U.S. Department of Labor officials encouraged employers to self-report potential wage-and-hour violations via the agency’s Payroll Audit Independent Determination program, calling it a “real big win” for both employers and employees during a virtual event Thursday.
PAID gives employees access to back wages and other remedies in an expedited manner that avoids litigation and enforcement, which also benefits employers, said Andrew Rogers, administrator of DOL’s Wage and Hour Division.
DOL announced the program had been reopened last July, allowing employers to resolve potential violations of the Fair Labor Standards Act as well as the Family and Medical Leave Act.
The latter law is a new addition to PAID not included within the scope of its first iteration. FMLA violations covered under the program include denial of FMLA leave; failure to return an employee to the same job or an equivalent job upon return from leave; and penalization of employees for using such leave.
The program also may weigh in on FMLA disputes surrounding an employee’s medical certification and whether the reason for a leave request qualifies for the law’s protections, among other examples.
DOL initially launched PAID during the first Trump administration as a pilot program to allow employers to audit their pay practices and self-report FLSA violations.

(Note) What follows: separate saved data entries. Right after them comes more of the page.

Lemma hat_out_of_support j s : (1 <= j <= K - 1)%nat ->
  s <= xi (j - 1)%nat \/ xi (S j) <= s -> hat xi K j s = 0.
Proof.
  intros Hj Hs. unfold hat.
  destruct (Nat.eqb_spec j 0), (Nat.eqb_spec j K); try lia.
  assert (Hl := step_pos j ltac:(lia)).
  assert (Hr := step_pos (S j) ltac:(lia)). rewrite Nat.sub_succ, Nat.sub_0_r in Hr.
  apply Rmax_left. destruct Hs.
  - eapply Rle_trans; [apply Rmin_l|]. apply div_nonpos; lra.
  - eapply Rle_trans; [apply Rmin_r|]. apply div_nonpos; lra.
Qed.

Section Cell.

Variables (k : nat) (s : R).
Hypothesis Hk : (1 <= k <= K)%nat.
Hypothesis Hs : xi (k - 1)%nat <= s <= xi k.

Lemma hat_on_cell_right : hat xi K k s = (s - xi (k - 1)%nat) / (xi k - xi (k - 1)%nat).
Proof.
  assert (Hd := step_pos k Hk).
  assert (0 <= (s - xi (k - 1)%nat) / (xi k - xi (k - 1)%nat)) by (apply div_nonneg; lra).
  unfold hat. destruct (Nat.eqb_spec k 0); [lia|].
  destruct (Nat.eqb_spec k K) as [->|HkK]; [now apply Rmax_right|].
  assert (Hd' := step_pos (S k) ltac:(lia)). rewrite Nat.sub_succ, Nat.sub_0_r in Hd'.
  assert ((s - xi (k - 1)%nat) / (xi k - xi (k - 1)%nat) <= 1) by (apply div_le_1; lra).
  assert (1 <= (xi (S k) - s) / (xi (S k) - xi k)) by (apply div_ge_1; lra).
  rewrite Rmin_left by lra. now apply Rmax_right.
Qed.

Lemma hat_on_cell_left : hat xi K (k - 1) s = (xi k - s) / (xi k - xi (k - 1)%nat).
Proof.
  assert (Hd := step_pos k Hk).
  assert (0 <= (xi k - s) / (xi k - xi (k - 1)%nat)) by (apply div_nonneg; lra).
  unfold hat. destruct (Nat.eqb_spec (k - 1) 0) as [E|E].
  - replace k with 1%nat in * by lia. now apply Rmax_right.
  - destruct (Nat.eqb_spec (k - 1) K); [lia|].
    replace (S (k - 1)) with k by lia.
    assert (Hd' := step_pos (k - 1) ltac:(lia)).
    assert (xi (k - 1)%nat <= s) by lra.
    assert (1 <= (s - xi (k - 1 - 1)%nat) / (xi (k - 1)%nat - xi (k - 1 - 1)%nat))
      by (apply div_ge_1; lra).
    assert ((xi k - s) / (xi k - xi (k - 1)%nat) <= 1) by (apply div_le_1; lra).
    rewrite Rmin_right by lra. now apply Rmax_right.
Qed.

Lemma hat_off_cell j : (j <= K)%nat -> j <> k -> j <> (k - 1)%nat -> hat xi K j s = 0.
Proof.
  intros HjK Hjk Hjk'.
  destruct (Nat.eq_dec j 0) as [->|Hj0]; [|destruct (Nat.eq_dec j K) as [->|HjK']].
  - unfold hat; simpl. apply Rmax_left.
    assert (xi 1%nat <= xi (k - 1)%nat) by (apply xi_le; lia).
    assert (Hd : 0 < xi 1%nat - xi 0%nat) by exact (step_pos 1 ltac:(lia)).
    apply div_nonpos; lra.
  - unfold hat. destruct (Nat.eqb_spec K 0); [lia|]. rewrite Nat.eqb_refl. apply Rmax_left.
    assert (xi k <= xi (K - 1)%nat) by (apply xi_le; lia).
    assert (Hd := step_pos K ltac:(lia)). apply div_nonpos; lra.
  - apply hat_out_of_support; [lia|].
    destruct (Nat.lt_ge_cases j k).
    + right. assert (xi (S j) <= xi (k - 1)%nat) by (apply xi_le; lia). lra.
    + left. assert (xi k <= xi (j - 1)%nat) by (apply xi_le; lia). lra.
Qed.

Lemma Xmap_on_cell x :
  Xmap xi K x s = interp (xi (k - 1)%nat) (xi k) (x (k - 1)%nat) (x k) s.
Proof.
  set (A := (xi k - s) / (xi k - xi (k - 1)%nat)).
  set (B := (s - xi (k - 1)%nat) / (xi k - xi (k - 1)%nat)).
  unfold Xmap. transitivity (sum_n_m (fun j => plus
      (if (j =? k - 1)%nat then x (k - 1)%nat * A else 0)
      (if (j =? k)%nat then x k * B else 0)) 0 K).
  - apply sum_n_m_ext_loc. intros j Hj.
    destruct (Nat.eqb_spec j (k - 1)), (Nat.eqb_spec j k); try lia; try subst j.
    + rewrite hat_on_cell_left. unfold plus; simpl. fold A. lra.
    + rewrite hat_on_cell_right. unfold plus; simpl. fold B. lra.
    + rewrite hat_off_cell by lia. unfold plus; simpl. lra.
  - rewrite sum_n_m_plus, !sum_n_m_0_indicator by lia. reflexivity.
Qed.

The Biden administration shelved the program over criticism that it allowed employers to avoid litigation and penalties, instead directing organizations to DOL’s outreach and educational resources.
A 2019 HR Dive analysis showed that, slightly more than a year after its launch, PAID program participants paid more than $4 million in back wages to approximately 7,500 employees. Rogers said Thursday that the initial run of the program resulted in the recovery of $11 million in back wages total.
PAID helps bring employers into compliance in a way that encourages them to resolve wage-and-hour issues instead of ignoring them or hoping they’ll go away, Rogers added. “It’s certainly showing in the early numbers that that value is continuing as we move forward from the relaunch,” he said.
Other benefits include the fact that under the FLSA, employers cannot be released from claims via private releases or agreements with employees as they can under other laws, said Kimberly Avery, regional director of enforcement at DOL.
“Only FLSA violations resolved through the courts or through the [DOL] offer a binding release, and this bars employees from further action on the same issue,” Avery said. “Resolutions achieved through the PAID program, since they are overseen by [DOL], offer employers these protections.”
The program is not open to employers under investigation for related issues or that are currently in litigation or arbitration that began before the employer applied for PAID. PAID also cannot be used to repeatedly resolve the same infractions, Avery said, and DOL can decline to accept an employer into the program.
Employees are not obligated to accept payments or remedies offered, according to DOL guidance. Avery also noted that, should employers pay back wages to employees before DOL reviews and assesses those owed wages, those employees have not waived their right to pursue private litigation for potential violations.
Some management-side attorneys have expressed concern that participation in the program could open employers up to state law claims or that a denied request to participate could draw attention to potential violations. DOL, for its part, however, said that a denied request will not serve as a basis for future investigation of a participating employer by DOL “unless Wage and Hour has a reason to believe that health or safety are at risk,” according to Troy Mouton, director of the Wage and Hour Division’s New Orleans district office.